Lemma sum_wdot_centered phi : 0 < mass m0 ->
  \sum_i wdot m0 (centered phi i) (centered phi i)
  = \sum_u m0 u * enorm (phi u) ^+ 2 - mass m0 * enorm (bar m0 phi) ^+ 2.
Proof.
move=> M_gt0.
have centered_i i : wdot m0 (centered phi i) (centered phi i)
    = \sum_u m0 u * phi u 0 i ^+ 2 - mass m0 * bar m0 phi 0 i ^+ 2.
  have sum_i : wsum m0 (fun u => phi u 0 i) = bar m0 phi 0 i * mass m0.
    by rewrite barE; field; rewrite gt_eqF.
  have -> : wdot m0 (centered phi i) (centered phi i) = \sum_u m0 u * phi u 0 i ^+ 2
      - 2 * bar m0 phi 0 i * wsum m0 (fun u => phi u 0 i)
      + bar m0 phi 0 i ^+ 2 * mass m0.
    rewrite /wdot /wsum /mass /centered !mulr_sumr -sumrB -big_split /=.
    by apply: eq_bigr => u _; ring.
  by rewrite sum_i; ring.
rewrite (eq_bigr _ (fun i _ => centered_i i)) sumrB exchange_big /= enorm2 mulr_sumr.
by congr (_ - _); apply: eq_bigr => u _; rewrite enorm2 mulr_sumr.
Qed.

Lemma sum_energy_centered phi :
  2 * \sum_i energy E m0 m1 (centered phi i) = map_energy phi.
Proof.
rewrite mulr_sumr (eq_bigr _ (fun i _ => energy_dirichlet E m1 m0_gt0 _)).
rewrite /dirichlet /map_energy exchange_big; apply: eq_bigr => u _; rewrite exchange_big.
apply: eq_bigr => v _; rewrite enorm2 mulr_sumr; apply: eq_bigr => i _.
by rewrite !mxE /centered; ring.
Qed.

Lemma set2_eq (a b u v : V) : a != b ->
  ([set u; v] == [set a; b]) = ((u, v) == (a, b)) || ((u, v) == (b, a)).
Proof.
move=> ab; apply/eqP/idP => [uv_ab | /orP [] /eqP [-> ->] //]; last exact: finset.setUC.
have : [set u; v] \subset [set a; b] /\ [set a; b] \subset [set u; v] by rewrite uv_ab.
rewrite !finset.subUset !finset.sub1set !inE => -[/andP [ua vb] /andP [au bu]].
move: ua vb au bu; rewrite !xpair_eqE.
by do 2 case/orP => /eqP->; rewrite ?eqxx ?(negbTE ab) ?(eq_sym b a) ?(negbTE ab) ?orbT.
Qed.

Lemma sum_adj_pairs (G : {set V} -> R) :
  \sum_u \sum_v (if adj E u v then G [set u; v] else 0) = 2 * \sum_(e in E) G e.
Proof.
rewrite pair_bigA /= -big_mkcond /=.
rewrite (partition_big (fun p => [set p.1; p.2]) (mem E)) // mulr_sumr.
apply: eq_bigr => e eE; have /cards2P [a [b [ab def_e]]] : #|e| == 2%N by rewrite simpleE.
rewrite (eq_bigr (fun=> G e)) => [|p /andP [_ /eqP ->]] //.
rewrite sumr_const (eq_card (B := pred2 (a, b) (b, a))) => [|[u v]].
  have ab_ba : (a, b) != (b, a) by rewrite xpair_eqE negb_and ab.
  by rewrite card2 ab_ba mulr_natl.
rewrite !inE /adj def_e -set2_eq // unfold_in /=.
by case: eqP => [->|_]; rewrite ?andbF // -def_e andbT.
Qed.

Lemma map_energy_bound phi : admissible E m0 d phi ->
  map_energy phi <= 2 * \sum_(e in E) m1 e * d e ^+ 2 /\
  (map_energy phi = 2 * \sum_(e in E) m1 e * d e ^+ 2 <-> tight_edges phi).
Proof.
move=> [_ phi_lip].
pose cap u v := if adj E u v then m1 [set u; v] * d [set u; v] ^+ 2 else 0.
have term_le (p : V * V) :
    eweight E m1 p.1 p.2 * enorm (phi p.1 - phi p.2) ^+ 2 <= cap p.1 p.2.
  rewrite /eweight /cap; case: ifP => [uv|]; last by rewrite mul0r.
  apply: ler_wpM2l; first exact: m1_ge0.
  by have := phi_lip _ _ uv; have := enorm_ge0 (phi p.1 - phi p.2); nra.
rewrite -(sum_adj_pairs (fun e => m1 e * d e ^+ 2)) /map_energy !pair_bigA /=.
split; first exact: ler_sum.
rewrite (ler_sum_eq_iff term_le); split=> [eq_uv u v uv | eq_uv [u v]].
  by have := eq_uv (u, v); rewrite /eweight /cap /adj uv /= mulrBr => ->; rewrite subrr.
rewrite /eweight /cap /=; case: ifP => [uv|]; last by rewrite mul0r.
by apply/eqP; rewrite eq_sym -subr_eq0 -mulrBr eq_uv.
Qed.

Lemma bar_bound mu phi : 0 < mu -> rayleigh_lb E m0 m1 mu -> 0 < mass m0 ->
  admissible E m0 d phi ->
  delta_bound mu <= enorm (bar m0 phi) ^+ 2 /\
  (enorm (bar m0 phi) ^+ 2 = delta_bound mu <-> tight_edges phi /\ eigen_coords mu phi).
Proof.
move=> mu_gt0 mu_lb M_gt0 [phi_norm phi_lip].
set D := \sum_(e in E) m1 e * d e ^+ 2; set b := enorm (bar m0 phi) ^+ 2.
set Q := \sum_i energy E m0 m1 (centered phi i).
have spread : \sum_i wdot m0 (centered phi i) (centered phi i) = mass m0 * (1 - b).
  by rewrite sum_wdot_centered // phi_norm mulrBr mulr1.
have [rayl_le rayl_eq] :=
  sum_rayleigh_bound m0_gt0 mu_lb (fun i => wsum_centered phi i M_gt0).
have [edge_le edge_eq] := map_energy_bound (conj phi_norm phi_lip).
rewrite spread -/Q in rayl_le rayl_eq.
rewrite -sum_energy_centered -/Q -/D in edge_le edge_eq.
have boundE : delta_bound mu = b + (mu * (mass m0 * (1 - b)) - D) / (mass m0 * mu).
  by rewrite /delta_bound -/D; field; rewrite !gt_eqF.
have frac_le0 : (mu * (mass m0 * (1 - b)) - D) / (mass m0 * mu) <= 0.
  by rewrite pmulr_lle0 ?invr_gt0 ?mulr_gt0 // subr_le0; lra.
split; first by rewrite boundE; lra.
have frac_eq0 : b = b + (mu * (mass m0 * (1 - b)) - D) / (mass m0 * mu) <->
    mu * (mass m0 * (1 - b)) = D.
  split=> [/eqP|->]; last by rewrite subrr mul0r addr0.
  rewrite eq_sym -subr_eq0 [b + _]addrC addrK mulf_eq0 invr_eq0 mulf_eq0.
  by rewrite (gt_eqF M_gt0) (gt_eqF mu_gt0) !orbF subr_eq0 => /eqP.
have eigen_iff : (forall i u, lap E m0 m1 (centered phi i) u = mu * centered phi i u)
    <-> eigen_coords mu phi.
  by split=> eig i u; have := eig i u; rewrite lap_shift.
rewrite -eigen_iff -rayl_eq -edge_eq boundE frac_eq0.
by split=> [sD | [QD sQ]]; [split|]; lra.
Qed.

Lemma bar_bound_lambda1 phi : (0 < #|V|)%N -> support_connected E m1 ->
  admissible E m0 d phi ->
  delta_bound (lambda1 E m0 m1) <= enorm (bar m0 phi) ^+ 2 /\
  (enorm (bar m0 phi) ^+ 2 = delta_bound (lambda1 E m0 m1) <->
   tight_edges phi /\ eigen_coords (lambda1 E m0 m1) phi).
Proof.
move=> V_gt0 supp adm; have M_gt0 := mass_gt0 m0_gt0 V_gt0.
have [[a [b ab]] | not_two] := pselect (exists a b : V, a != b).
  have [lam_gt0 lam_lb] := lambda1_rayleigh m0_gt0 m1_ge0 ab supp.
  exact: bar_bound.
have single (u v : V) : u = v.
  by have [//|uv] := eqVneq u v; case: not_two; exists u, v.
have no_adj u v : adj E u v = false.
  by rewrite /adj (single v u) finset.setUid; apply/negP => /simpleE; rewrite cards1.
have b1 : enorm (bar m0 phi) ^+ 2 = 1.
  have := sum_wdot_centered phi M_gt0; rewrite (proj1 adm) big1 => [/esym/eqP|i _].
    by rewrite subr_eq0 -{1}[mass m0]mulr1 => /eqP/(mulfI (lt0r_neq0 M_gt0)).
  rewrite /wdot big1 // => u _.
  by rewrite (single_mean0 m0_gt0 u single (wsum_centered phi i M_gt0)) !mul0r mulr0.
rewrite /delta_bound (lambda1_single E m1 m0_gt0 single) invr0 mulr0 subr0 b1.
split=> //; split=> // _; split=> [u v uvE | i u].
  by have := no_adj u v; rewrite /adj uvE.
by rewrite mul0r /Defs.lap !big_pred0 // mul0r subrr mulr0.
Qed.

End Embedding.

Section Delta.
Variables (R : realType) (V : finType) (E : {set {set V}}).
Variables (m0 : V -> R) (d : {set V} -> R).
Hypothesis m0_gt0 : forall u, 0 < m0 u.
Hypothesis d_gt0 : forall e, e \in E -> 0 < d e.
Hypothesis V_gt0 : (0 < #|V|)%N.

Local Notation vec := 'rV[R]_#|V|.

Lemma delta_le phi : admissible E m0 d phi -> delta E m0 d <= enorm (bar m0 phi) ^+ 2.
Proof.
move=> adm; apply: ge_inf; last by exists phi.
by exists 0 => _ [psi [_ ->]]; exact: sqr_ge0.
Qed.

Lemma delta_ge c : (exists phi, admissible E m0 d phi) ->
  (forall phi, admissible E m0 d phi -> c <= enorm (bar m0 phi) ^+ 2) ->
  c <= delta E m0 d.
Proof.
move=> [phi adm] c_lb; apply: lb_le_inf; first by exists (enorm (bar m0 phi) ^+ 2), phi.
by move=> _ [psi [adm_psi ->]]; exact: c_lb.
Qed.

Lemma admissible_exists : exists phi, admissible E m0 d phi.
Proof.
pose i0 : 'I_#|V| := Ordinal V_gt0.
exists (fun _ => \row_i (i == i0)%:R); split => [|u v uv].
  apply: eq_bigr => u _; rewrite enorm2 (bigD1 i0) //= big1 => [|i /negbTE i_i0].
    by rewrite mxE eqxx expr1n addr0 mulr1.
  by rewrite mxE i_i0 expr0n.
by rewrite subrr /enorm big1 ?sqrtr0 ?ltW ?d_gt0 // => i _; rewrite mxE expr0n.
Qed.

Definition rv_map (x : 'rV[R]_(#|V| * #|V|)) (u : V) : vec :=
  \row_i x 0 (mxvec_index (enum_rank u) i).
Definition map_rv (phi : V -> vec) : 'rV[R]_(#|V| * #|V|) :=
  mxvec (\matrix_(j, i) phi (enum_val j) 0 i).

Lemma map_rvK phi : rv_map (map_rv phi) = phi.
Proof. by apply/funext => u; apply/rowP => i; rewrite !mxE mxvecE mxE enum_rankK. Qed.

Lemma continuous_enorm2 {T : topologicalType} (F : T -> vec) :
  (forall i, continuous (fun x => F x 0 i)) -> continuous (fun x => enorm (F x) ^+ 2).
Proof.
move=> F_cont; rewrite (_ : (fun x => _) = fun x => \sum_i F x 0 i * F x 0 i).
  by apply: continuous_sumr => i; exact: continuous_mulr.
by apply/funext => x; rewrite enorm2.
Qed.

Lemma continuous_rv_map u i : continuous (fun x => rv_map x u 0 i).
Proof.
rewrite (_ : (fun x => _) =
    fun x : 'rV[R]_(#|V| * #|V|) => x 0 (mxvec_index (enum_rank u) i)).
  by move=> x; exact: coord_continuous.
by apply/funext => x; rewrite mxE.
Qed.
══════════════════════════════
▶ [EXERCISE INSTRUCTIONS]
Please retype the listing word for word, from its first line through the line containing "move: ua vb au bu; rewrite !xpair_eqE.", and add nothing else.

▶ [TASK RESULT]
Lemma sum_wdot_centered phi : 0 < mass m0 ->
  \sum_i wdot m0 (centered phi i) (centered phi i)
  = \sum_u m0 u * enorm (phi u) ^+ 2 - mass m0 * enorm (bar m0 phi) ^+ 2.
Proof.
move=> M_gt0.
have centered_i i : wdot m0 (centered phi i) (centered phi i)
    = \sum_u m0 u * phi u 0 i ^+ 2 - mass m0 * bar m0 phi 0 i ^+ 2.
  have sum_i : wsum m0 (fun u => phi u 0 i) = bar m0 phi 0 i * mass m0.
    by rewrite barE; field; rewrite gt_eqF.
  have -> : wdot m0 (centered phi i) (centered phi i) = \sum_u m0 u * phi u 0 i ^+ 2
      - 2 * bar m0 phi 0 i * wsum m0 (fun u => phi u 0 i)
      + bar m0 phi 0 i ^+ 2 * mass m0.
    rewrite /wdot /wsum /mass /centered !mulr_sumr -sumrB -big_split /=.
    by apply: eq_bigr => u _; ring.
  by rewrite sum_i; ring.
rewrite (eq_bigr _ (fun i _ => centered_i i)) sumrB exchange_big /= enorm2 mulr_sumr.
by congr (_ - _); apply: eq_bigr => u _; rewrite enorm2 mulr_sumr.
Qed.

Lemma sum_energy_centered phi :
  2 * \sum_i energy E m0 m1 (centered phi i) = map_energy phi.
Proof.
rewrite mulr_sumr (eq_bigr _ (fun i _ => energy_dirichlet E m1 m0_gt0 _)).
rewrite /dirichlet /map_energy exchange_big; apply: eq_bigr => u _; rewrite exchange_big.
apply: eq_bigr => v _; rewrite enorm2 mulr_sumr; apply: eq_bigr => i _.
by rewrite !mxE /centered; ring.
Qed.

Lemma set2_eq (a b u v : V) : a != b ->
  ([set u; v] == [set a; b]) = ((u, v) == (a, b)) || ((u, v) == (b, a)).
Proof.
move=> ab; apply/eqP/idP => [uv_ab | /orP [] /eqP [-> ->] //]; last exact: finset.setUC.
have : [set u; v] \subset [set a; b] /\ [set a; b] \subset [set u; v] by rewrite uv_ab.
rewrite !finset.subUset !finset.sub1set !inE => -[/andP [ua vb] /andP [au bu]].
move: ua vb au bu; rewrite !xpair_eqE.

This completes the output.